For decades, Playboy was known as the home of some of the best short fiction published anywhere — including a lot of groundbreaking work by Ursula K. Le Guin, Ray Bradbury and Doris Lessing. This was largely due to the strong editorial hand of Alice K. Turner, who died yesterday of pneumonia.
Turner joined Playboy in 1976 and officially became fiction editor in 1980, serving until 2000. During that time, she made Robert Silverberg a regular contributor to the magazine and introduced Terry Bisson, among others, to its readers. She was also responsible for suggesting Bisson as a co-author to complete Walter Miller’s unfinished sequel to A Canticle for Leibowitz, Saint Leibowitz and the Wild Horse Woman. She edited the Playboy Book of Science Fiction and Fantasy, which is chock full of terrific stories, including Le Guin’s “Nine Lives,” Damon Knight’s “Masks,” Arthur C. Clarke’s “Transit of Earth,” Joe Haldeman’s “More Than The Sum of His Parts” and Howard Waldrop’s “Heirs of the Perisphere.”

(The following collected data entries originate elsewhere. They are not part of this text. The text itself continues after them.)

(* The graph $L_{6,1}$ has a perfect partition; that is, the set of all $265$ derangements of $\{1,\dots,6\}$ (equivalently, all $6\times 6$ permutation matrices with zero diagonal) can be partitioned into subsets each of which consists of $5$ permutation matrices summing to $J_6-I_6$.
   Context: $L_{n,1}=K_{n,n}-nK_{1,1}$ is the complete bipartite graph $K_{n,n}$ with a perfect matching removed; its biadjacency matrix is $J_n-I_n$, where $J_n$ is the all-ones $n\times n$ matrix. Its perfect matchings correspond exactly to derangements of $\{1,\dots,n\}$ (permutation matrices $P$ with $P\le J_n-I_n$ entrywise). A regular bipartite graph $G$ has a perfect partition if its set of perfect matchings can be partitioned into parts each of which is a $1$-factorization of $G$ (a set of pairwise edge-disjoint perfect matchings whose union is $G$); in matrix language, the set of permutation matrices $P\le A(G)$ can be partitioned into subsets each summing to $A(G)$. *)

From mathcomp Require Import all_boot all_fingroup.
Set Implicit Arguments. Unset Strict Implicit. Unset Printing Implicit Defensive.

(* A bipartite graph on colour classes 'I_n x 'I_n given by its biadjacency
   relation A (A i j <=> edge between row-vertex i and column-vertex j). *)

(* Biadjacency relation of L_{n,1} = K_{n,n} - n K_{1,1}: matrix J_n - I_n. *)
Definition L1rel (n : nat) : rel 'I_n := fun i j => i != j.

Definition perfect_matchings (n : nat) (A : rel 'I_n) : {set {perm 'I_n}} :=
  [set s : {perm 'I_n} | [forall i, A i (s i)]].

Definition one_factorization (n : nat) (A : rel 'I_n) (F : {set {perm 'I_n}}) : Prop :=
  [/\ F \subset perfect_matchings A,
      (forall s t, s \in F -> t \in F -> s != t -> forall i, s i != t i)
    & (forall i j, A i j -> exists2 s, s \in F & s i = j)].

Definition has_perfect_partition (n : nat) (A : rel 'I_n) : Prop :=
  exists P : {set {set {perm 'I_n}}},
    partition P (perfect_matchings A) /\
    (forall F, F \in P -> one_factorization A F).

Arguments L1rel n : clear implicits.

From mathcomp Require Import all_boot all_fingroup.
Set Implicit Arguments. Unset Strict Implicit. Unset Printing Implicit Defensive.

(* A perfect partition of L_{6,1} is exhibited by an explicit certificate: a
   list of 53 blocks of 5 derangements of {0,...,5}, each derangement written
   as its list of images. *)

Section PermutationCodes.
Variable n : nat.

Definition code (s : {perm 'I_n}) : seq nat := [seq val (s i) | i <- enum 'I_n].

Lemma size_code (s : {perm 'I_n}) : size (code s) = n.
Proof. by rewrite size_map size_enum_ord. Qed.

Lemma nth_code (s : {perm 'I_n}) (i : 'I_n) : nth 0 (code s) i = s i.
Proof. by rewrite (nth_map i) ?size_enum_ord // nth_ord_enum. Qed.

Lemma code_inj : injective code.
Proof.
move=> s t eq_st; apply/permP => i; apply: val_inj.
by rewrite /= -!nth_code eq_st.
Qed.

Definition derangement_code (l : seq nat) : bool :=
  [&& size l == n, all (fun a => a < n) l, uniq l &
      all (fun i => nth 0 l i != i) (iota 0 n)].

Lemma derangement_codeP (s : {perm 'I_n}) :
  reflect (forall i, s i != i) (derangement_code (code s)).
Proof.
apply: (iffP and4P) => [[_ _ _ /allP no_fix] i | no_fix].
  have := no_fix i; rewrite mem_iota add0n ltn_ord nth_code => /(_ isT).
  by apply: contraNneq => ->.
split; first by rewrite size_code.
- by apply/allP => _ /mapP[i _ ->]; apply: ltn_ord.
- by rewrite map_inj_uniq ?enum_uniq // => i j /val_inj/perm_inj.
- apply/allP => k; rewrite mem_iota /= => lt_kn.
  have := no_fix (Ordinal lt_kn); apply: contra => /eqP eq_k.
  by apply/eqP/val_inj; rewrite /= -nth_code.
Qed.

Lemma derangement_code_perm (l : seq nat) :
  derangement_code l -> exists s : {perm 'I_n}, code s = l.
Proof.
case/and4P => /eqP size_l /allP l_lt uniq_l _.
pose f (i : 'I_n) : 'I_n := insubd i (nth 0 l i).
have val_f i : val (f i) = nth 0 l i.
  by rewrite val_insubd l_lt // mem_nth ?size_l.
have inj_f : injective f.
  move=> i j /(congr1 val); rewrite !val_f => /eqP.
  by rewrite nth_uniq ?size_l // => /eqP/val_inj.
exists (perm inj_f); apply: (@eq_from_nth _ 0); first by rewrite size_code.
by rewrite size_code => k lt_kn; rewrite -[k]/(val (Ordinal lt_kn)) nth_code permE val_f.
Qed.

Lemma perfect_matchings_L1 (s : {perm 'I_n}) :
  (s \in perfect_matchings (L1rel n)) = derangement_code (code s).
Proof.
rewrite inE; apply/forallP/derangement_codeP => no_fix i.
  by rewrite eq_sym; apply: no_fix.
by rewrite /L1rel eq_sym no_fix.
Qed.

End PermutationCodes.

Fixpoint words (m k : nat) : seq (seq nat) :=
  if m is m'.+1 then [seq a :: w | a <- iota 0 k, w <- words m' k] else [:: [::]].

Lemma words_complete (m k : nat) (l : seq nat) :
  size l = m -> all (fun a => a < k) l -> l \in words m k.
Proof.
elim: m l => [|m IHm] [|a l] //= [size_l] /andP[lt_ak lt_l].
by apply: allpairs_f; rewrite ?mem_iota ?IHm.
Qed.

Lemma flatten_uniq_block (T : eqType) (bs : seq (seq T)) (i j : nat) (x : T) :
  uniq (flatten bs) -> i < size bs -> j < size bs ->
  x \in nth [::] bs i -> x \in nth [::] bs j -> i = j.
Proof.
have in_flatten k bs' : k < size bs' -> x \in nth [::] bs' k -> x \in flatten bs'.
  by move=> lt_k x_k; apply/flattenP; exists (nth [::] bs' k); rewrite ?mem_nth.
elim: bs i j => [|b bs IH] [|i] [|j] //=; rewrite cat_uniq => /and3P[_ disj uniq_bs].
- move=> _ lt_j xb /(in_flatten _ _ lt_j) x_bs.
  by case/hasP: disj; exists x.
- move=> lt_i _ /(in_flatten _ _ lt_i) x_bs xb.
  by case/hasP: disj; exists x.
- by move=> lt_i lt_j x_i x_j; congr _.+1; apply: IH.
Qed.

Section Certificates.
Variable n : nat.

Definition disagree (l1 l2 : seq nat) : bool :=
  all (fun i => nth 0 l1 i != nth 0 l2 i) (iota 0 n).

Definition factorization_block (B : seq (seq nat)) : bool :=
  [&& B != [::], all (derangement_code n) B,
      all2rel (fun l1 l2 => (l1 != l2) ==> disagree l1 l2) B &
      all (fun i => all (fun j => (i != j) ==> has (fun l => nth 0 l i == j) B)
                        (iota 0 n)) (iota 0 n)].

Definition partition_certificate (blocks : seq (seq (seq nat))) : bool :=
  [&& all factorization_block blocks, uniq (flatten blocks) &
      all (mem (flatten blocks)) [seq l <- words n n | derangement_code n l]].

Definition block_set (B : seq (seq nat)) : {set {perm 'I_n}} := [set s | code s \in B].

Lemma block_set_one_factorization (B : seq (seq nat)) :
  factorization_block B -> one_factorization (L1rel n) (block_set B).
Proof.
case/and4P=> _ /allP der_B /allrelP disagree_B /allP cover_B; split.
- by apply/subsetP => s; rewrite inE perfect_matchings_L1 => /der_B.
- move=> s t; rewrite !inE => s_B t_B neq_st i.
  have neq_code : code s != code t by apply: contra neq_st => /eqP/code_inj ->.
  have /allP := implyP (disagree_B _ _ s_B t_B) neq_code.
  by move=> /(_ i); rewrite mem_iota add0n ltn_ord !nth_code => /(_ isT).
- move=> i j neq_ij.
  have := cover_B i; rewrite mem_iota add0n ltn_ord => /(_ isT) /allP /(_ j).
  rewrite mem_iota add0n ltn_ord => /(_ isT) /implyP /(_ neq_ij) /hasP[l l_B /eqP l_ij].
  have [s code_s] := derangement_code_perm (der_B l l_B).
  by exists s; rewrite ?inE ?code_s //; apply: val_inj; rewrite /= -nth_code code_s.
Qed.

Section ValidCertificate.
Variable blocks : seq (seq (seq nat)).
Hypothesis valid : partition_certificate blocks.

Definition certified_partition : {set {set {perm 'I_n}}} :=
  [set block_set (nth [::] blocks k) | k : 'I_(size blocks)].

Lemma certified_blocks_ok (k : 'I_(size blocks)) :
  factorization_block (nth [::] blocks k).
Proof. by case/and3P: valid => /all_nthP -> //. Qed.

Lemma derangement_in_blocks (s : {perm 'I_n}) :
  derangement_code n (code s) -> code s \in flatten blocks.
Proof.
case/and3P: valid => _ _ /allP complete der_s; apply: complete.
rewrite mem_filter der_s words_complete ?size_code //.
by case/and4P: der_s.
Qed.

Lemma certified_cover : cover certified_partition = perfect_matchings (L1rel n).
Proof.
apply/setP => s; rewrite perfect_matchings_L1; apply/bigcupP/idP.
  case=> _ /imsetP[k _ ->]; rewrite inE.
  by case/and4P: (certified_blocks_ok k) => _ /allP der_k _ _ /der_k.
move=> /derangement_in_blocks /flattenP[B B_blocks s_B].
have [k lt_k B_k] := nthP [::] B_blocks.
by exists (block_set B); [apply/imsetP; exists (Ordinal lt_k); rewrite ?B_k | rewrite inE].
Qed.

Lemma certified_trivIset : trivIset certified_partition.
Proof.
apply/trivIsetP => _ _ /imsetP[k1 _ ->] /imsetP[k2 _ ->] neq_blocks.
rewrite -setI_eq0; apply/eqP/setP => s; rewrite !inE.
apply/negP => /andP[s_k1 s_k2]; case/negP: neq_blocks.
case/and3P: valid => _ uniq_blocks _.
by rewrite (flatten_uniq_block uniq_blocks _ _ s_k1 s_k2).
Qed.

Lemma certified_no_empty_block : set0 \notin certified_partition.
Proof.
apply/imsetP => -[k _ /esym/setP empty_k].
case/and4P: (certified_blocks_ok k) => /eqP nonempty /allP der_k _ _.
case: (nth [::] blocks k) nonempty der_k empty_k => // l B _ der_lB.
have [s code_s] := derangement_code_perm (der_lB l (mem_head _ _)).
by move=> /(_ s); rewrite !inE code_s eqxx.
Qed.

Theorem certificate_perfect_partition : has_perfect_partition (L1rel n).
Proof.
exists certified_partition; split.
  by rewrite /partition certified_cover eqxx certified_trivIset certified_no_empty_block.
by move=> _ /imsetP[k _ ->]; apply: block_set_one_factorization; apply: certified_blocks_ok.
Qed.

End ValidCertificate.
End Certificates.

Definition L61_blocks : seq (seq (seq nat)) := [::
  [:: [:: 1; 2; 3; 4; 5; 0]; [:: 2; 4; 1; 5; 0; 3]; [:: 3; 0; 5; 1; 2; 4]; [:: 4; 5; 0; 2; 3; 1]; [:: 5; 3; 4; 0; 1; 2]];
  [:: [:: 1; 3; 0; 5; 2; 4]; [:: 2; 4; 5; 1; 0; 3]; [:: 3; 0; 4; 2; 5; 1]; [:: 4; 5; 1; 0; 3; 2]; [:: 5; 2; 3; 4; 1; 0]];
  [:: [:: 1; 3; 4; 5; 2; 0]; [:: 2; 5; 3; 0; 1; 4]; [:: 3; 4; 5; 2; 0; 1]; [:: 4; 2; 0; 1; 5; 3]; [:: 5; 0; 1; 4; 3; 2]];
  [:: [:: 1; 4; 0; 2; 5; 3]; [:: 2; 0; 1; 5; 3; 4]; [:: 3; 2; 5; 4; 0; 1]; [:: 4; 5; 3; 0; 1; 2]; [:: 5; 3; 4; 1; 2; 0]];
  [:: [:: 1; 0; 4; 2; 5; 3]; [:: 2; 5; 1; 0; 3; 4]; [:: 3; 4; 5; 1; 2; 0]; [:: 4; 3; 0; 5; 1; 2]; [:: 5; 2; 3; 4; 0; 1]];
  [:: [:: 1; 5; 3; 0; 2; 4]; [:: 2; 0; 5; 4; 1; 3]; [:: 3; 2; 4; 1; 5; 0]; [:: 4; 3; 1; 5; 0; 2]; [:: 5; 4; 0; 2; 3; 1]];
  [:: [:: 1; 2; 4; 5; 0; 3]; [:: 2; 0; 5; 4; 3; 1]; [:: 3; 4; 0; 1; 5; 2]; [:: 4; 5; 3; 2; 1; 0]; [:: 5; 3; 1; 0; 2; 4]];
  [:: [:: 1; 4; 3; 2; 5; 0]; [:: 2; 3; 1; 5; 0; 4]; [:: 3; 5; 0; 4; 1; 2]; [:: 4; 2; 5; 0; 3; 1]; [:: 5; 0; 4; 1; 2; 3]];
  [:: [:: 1; 3; 4; 2; 5; 0]; [:: 2; 5; 0; 1; 3; 4]; [:: 3; 4; 5; 0; 1; 2]; [:: 4; 2; 3; 5; 0; 1]; [:: 5; 0; 1; 4; 2; 3]];
  [:: [:: 1; 2; 5; 0; 3; 4]; [:: 2; 0; 4; 1; 5; 3]; [:: 3; 5; 1; 4; 0; 2]; [:: 4; 3; 0; 5; 2; 1]; [:: 5; 4; 3; 2; 1; 0]];
  [:: [:: 1; 5; 3; 4; 0; 2]; [:: 2; 0; 5; 1; 3; 4]; [:: 3; 4; 1; 2; 5; 0]; [:: 4; 2; 0; 5; 1; 3]; [:: 5; 3; 4; 0; 2; 1]];
  [:: [:: 1; 5; 0; 4; 2; 3]; [:: 2; 4; 5; 0; 3; 1]; [:: 3; 0; 1; 2; 5; 4]; [:: 4; 2; 3; 5; 1; 0]; [:: 5; 3; 4; 1; 0; 2]];
  [:: [:: 1; 2; 4; 0; 5; 3]; [:: 2; 5; 0; 4; 3; 1]; [:: 3; 4; 5; 1; 0; 2]; [:: 4; 3; 1; 5; 2; 0]; [:: 5; 0; 3; 2; 1; 4]];
  [:: [:: 1; 0; 4; 5; 3; 2]; [:: 2; 5; 3; 1; 0; 4]; [:: 3; 4; 5; 2; 1; 0]; [:: 4; 2; 1; 0; 5; 3]; [:: 5; 3; 0; 4; 2; 1]];
  [:: [:: 1; 5; 0; 4; 3; 2]; [:: 2; 4; 1; 0; 5; 3]; [:: 3; 2; 5; 1; 0; 4]; [:: 4; 0; 3; 5; 2; 1]; [:: 5; 3; 4; 2; 1; 0]];
  [:: [:: 1; 3; 4; 0; 5; 2]; [:: 2; 4; 5; 1; 3; 0]; [:: 3; 2; 0; 5; 1; 4]; [:: 4; 5; 1; 2; 0; 3]; [:: 5; 0; 3; 4; 2; 1]];
  [:: [:: 1; 0; 5; 4; 3; 2]; [:: 2; 4; 3; 1; 5; 0]; [:: 3; 5; 4; 0; 2; 1]; [:: 4; 2; 1; 5; 0; 3]; [:: 5; 3; 0; 2; 1; 4]];
  [:: [:: 1; 4; 5; 2; 0; 3]; [:: 2; 0; 4; 5; 3; 1]; [:: 3; 5; 1; 0; 2; 4]; [:: 4; 2; 3; 1; 5; 0]; [:: 5; 3; 0; 4; 1; 2]];
  [:: [:: 1; 3; 5; 2; 0; 4]; [:: 2; 0; 1; 4; 5; 3]; [:: 3; 5; 4; 0; 1; 2]; [:: 4; 2; 0; 5; 3; 1]; [:: 5; 4; 3; 1; 2; 0]];
  [:: [:: 1; 2; 0; 5; 3; 4]; [:: 2; 3; 4; 1; 5; 0]; [:: 3; 0; 5; 4; 1; 2]; [:: 4; 5; 1; 0; 2; 3]; [:: 5; 4; 3; 2; 0; 1]];
  [:: [:: 1; 4; 5; 0; 2; 3]; [:: 2; 5; 3; 4; 0; 1]; [:: 3; 0; 4; 5; 1; 2]; [:: 4; 3; 1; 2; 5; 0]; [:: 5; 2; 0; 1; 3; 4]];
  [:: [:: 1; 2; 5; 4; 0; 3]; [:: 2; 3; 4; 0; 5; 1]; [:: 3; 4; 0; 5; 1; 2]; [:: 4; 5; 1; 2; 3; 0]; [:: 5; 0; 3; 1; 2; 4]];
  [:: [:: 1; 5; 4; 0; 3; 2]; [:: 2; 0; 3; 5; 1; 4]; [:: 3; 4; 0; 2; 5; 1]; [:: 4; 2; 5; 1; 0; 3]; [:: 5; 3; 1; 4; 2; 0]];
  [:: [:: 1; 0; 3; 5; 2; 4]; [:: 2; 5; 4; 1; 3; 0]; [:: 3; 4; 1; 0; 5; 2]; [:: 4; 3; 5; 2; 0; 1]; [:: 5; 2; 0; 4; 1; 3]];
  [:: [:: 1; 0; 4; 5; 2; 3]; [:: 2; 5; 1; 4; 3; 0]; [:: 3; 2; 5; 0; 1; 4]; [:: 4; 3; 0; 2; 5; 1]; [:: 5; 4; 3; 1; 0; 2]];
  [:: [:: 1; 4; 5; 2; 3; 0]; [:: 2; 3; 0; 4; 5; 1]; [:: 3; 0; 1; 5; 2; 4]; [:: 4; 5; 3; 1; 0; 2]; [:: 5; 2; 4; 0; 1; 3]];
  [:: [:: 1; 2; 0; 4; 5; 3]; [:: 2; 4; 3; 5; 0; 1]; [:: 3; 5; 4; 1; 2; 0]; [:: 4; 3; 5; 0; 1; 2]; [:: 5; 0; 1; 2; 3; 4]];
  [:: [:: 1; 3; 0; 4; 5; 2]; [:: 2; 4; 5; 0; 1; 3]; [:: 3; 2; 1; 5; 0; 4]; [:: 4; 5; 3; 1; 2; 0]; [:: 5; 0; 4; 2; 3; 1]];
  [:: [:: 1; 2; 3; 5; 0; 4]; [:: 2; 5; 4; 0; 1; 3]; [:: 3; 0; 5; 4; 2; 1]; [:: 4; 3; 0; 1; 5; 2]; [:: 5; 4; 1; 2; 3; 0]];
  [:: [:: 1; 5; 4; 0; 2; 3]; [:: 2; 4; 0; 5; 3; 1]; [:: 3; 0; 1; 4; 5; 2]; [:: 4; 3; 5; 2; 1; 0]; [:: 5; 2; 3; 1; 0; 4]];
  [:: [:: 1; 4; 3; 5; 2; 0]; [:: 2; 5; 4; 1; 0; 3]; [:: 3; 0; 5; 2; 1; 4]; [:: 4; 3; 1; 0; 5; 2]; [:: 5; 2; 0; 4; 3; 1]];
  [:: [:: 1; 4; 3; 5; 0; 2]; [:: 2; 5; 4; 0; 3; 1]; [:: 3; 2; 5; 4; 1; 0]; [:: 4; 0; 1; 2; 5; 3]; [:: 5; 3; 0; 1; 2; 4]];
  [:: [:: 1; 4; 5; 0; 3; 2]; [:: 2; 3; 4; 5; 1; 0]; [:: 3; 5; 0; 1; 2; 4]; [:: 4; 0; 3; 2; 5; 1]; [:: 5; 2; 1; 4; 0; 3]];
  [:: [:: 1; 3; 5; 4; 0; 2]; [:: 2; 4; 3; 0; 5; 1]; [:: 3; 5; 0; 2; 1; 4]; [:: 4; 0; 1; 5; 2; 3]; [:: 5; 2; 4; 1; 3; 0]];
  [:: [:: 1; 5; 4; 2; 0; 3]; [:: 2; 4; 1; 5; 3; 0]; [:: 3; 2; 0; 1; 5; 4]; [:: 4; 3; 5; 0; 2; 1]; [:: 5; 0; 3; 4; 1; 2]];
  [:: [:: 1; 3; 0; 2; 5; 4]; [:: 2; 5; 1; 4; 0; 3]; [:: 3; 2; 4; 5; 1; 0]; [:: 4; 0; 5; 1; 3; 2]; [:: 5; 4; 3; 0; 2; 1]];
  [:: [:: 1; 3; 5; 0; 2; 4]; [:: 2; 0; 3; 4; 5; 1]; [:: 3; 5; 4; 1; 0; 2]; [:: 4; 2; 1; 5; 3; 0]; [:: 5; 4; 0; 2; 1; 3]];
  [:: [:: 1; 0; 5; 4; 2; 3]; [:: 2; 4; 3; 5; 1; 0]; [:: 3; 2; 1; 0; 5; 4]; [:: 4; 5; 0; 1; 3; 2]; [:: 5; 3; 4; 2; 0; 1]];
  [:: [:: 1; 4; 0; 5; 3; 2]; [:: 2; 5; 3; 4; 1; 0]; [:: 3; 2; 4; 0; 5; 1]; [:: 4; 0; 5; 1; 2; 3]; [:: 5; 3; 1; 2; 0; 4]];
  [:: [:: 1; 2; 4; 5; 3; 0]; [:: 2; 3; 5; 0; 1; 4]; [:: 3; 5; 0; 4; 2; 1]; [:: 4; 0; 3; 1; 5; 2]; [:: 5; 4; 1; 2; 0; 3]];
  [:: [:: 1; 5; 0; 2; 3; 4]; [:: 2; 3; 1; 4; 5; 0]; [:: 3; 4; 5; 0; 2; 1]; [:: 4; 0; 3; 5; 1; 2]; [:: 5; 2; 4; 1; 0; 3]];
  [:: [:: 1; 0; 5; 2; 3; 4]; [:: 2; 3; 4; 5; 0; 1]; [:: 3; 2; 1; 4; 5; 0]; [:: 4; 5; 0; 1; 2; 3]; [:: 5; 4; 3; 0; 1; 2]];
  [:: [:: 1; 3; 4; 5; 0; 2]; [:: 2; 4; 0; 1; 5; 3]; [:: 3; 5; 1; 4; 2; 0]; [:: 4; 0; 5; 2; 3; 1]; [:: 5; 2; 3; 0; 1; 4]];
  [:: [:: 1; 4; 3; 0; 5; 2]; [:: 2; 3; 5; 1; 0; 4]; [:: 3; 0; 4; 5; 2; 1]; [:: 4; 5; 0; 2; 1; 3]; [:: 5; 2; 1; 4; 3; 0]];
  [:: [:: 1; 5; 3; 2; 0; 4]; [:: 2; 0; 4; 5; 1; 3]; [:: 3; 2; 0; 4; 5; 1]; [:: 4; 3; 5; 1; 2; 0]; [:: 5; 4; 1; 0; 3; 2]];
  [:: [:: 1; 0; 3; 2; 5; 4]; [:: 2; 5; 0; 4; 1; 3]; [:: 3; 4; 1; 5; 2; 0]; [:: 4; 3; 5; 1; 0; 2]; [:: 5; 2; 4; 0; 3; 1]];
  [:: [:: 1; 0; 3; 4; 5; 2]; [:: 2; 3; 0; 5; 1; 4]; [:: 3; 5; 4; 2; 0; 1]; [:: 4; 2; 5; 1; 3; 0]; [:: 5; 4; 1; 0; 2; 3]];
  [:: [:: 1; 2; 3; 0; 5; 4]; [:: 2; 3; 5; 4; 0; 1]; [:: 3; 5; 4; 2; 1; 0]; [:: 4; 0; 1; 5; 3; 2]; [:: 5; 4; 0; 1; 2; 3]];
  [:: [:: 1; 2; 5; 4; 3; 0]; [:: 2; 3; 0; 1; 5; 4]; [:: 3; 4; 1; 5; 0; 2]; [:: 4; 5; 3; 0; 2; 1]; [:: 5; 0; 4; 2; 1; 3]];
  [:: [:: 1; 5; 3; 4; 2; 0]; [:: 2; 3; 1; 0; 5; 4]; [:: 3; 2; 4; 5; 0; 1]; [:: 4; 0; 5; 2; 1; 3]; [:: 5; 4; 0; 1; 3; 2]];
  [:: [:: 1; 5; 4; 2; 3; 0]; [:: 2; 0; 3; 1; 5; 4]; [:: 3; 4; 0; 5; 2; 1]; [:: 4; 2; 5; 0; 1; 3]; [:: 5; 3; 1; 4; 0; 2]];
  [:: [:: 1; 3; 5; 4; 2; 0]; [:: 2; 4; 0; 5; 1; 3]; [:: 3; 0; 4; 1; 5; 2]; [:: 4; 5; 3; 2; 0; 1]; [:: 5; 2; 1; 0; 3; 4]];
  [:: [:: 1; 4; 0; 5; 2; 3]; [:: 2; 3; 5; 4; 1; 0]; [:: 3; 5; 1; 2; 0; 4]; [:: 4; 2; 3; 0; 5; 1]; [:: 5; 0; 4; 1; 3; 2]]].

Lemma L61_blocks_valid : partition_certificate 6 L61_blocks.
Proof. by vm_compute. Qed.

Theorem theorem2p1 : has_perfect_partition (L1rel 6).
Proof. exact: certificate_perfect_partition L61_blocks_valid. Qed.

With Turner’s departure in 2000, Playboy was widely regarded as having stopped being a home for science fiction.
In a 1984 interview with the Missouri Review, Turner described the kind of story she liked to publish in Playboy:
Playboy stories have beginnings, middles, and ends. They have a kind of general appeal. They are not experimental. They are not terribly modern or forward reaching but they have real quality, or so I hope. When you consider how very formularized the women’s magazines tend to be,Playboy looks like the last resort of the solid well crafted “story” story that isn’t written to order. And many of the other magazines have gone a bit off track.
Turner also published an arresting survey of how different artists and writers have depicted damnation in The History of Hell, and a chapbook about the fiction of John Crowley called Snake’s Hands.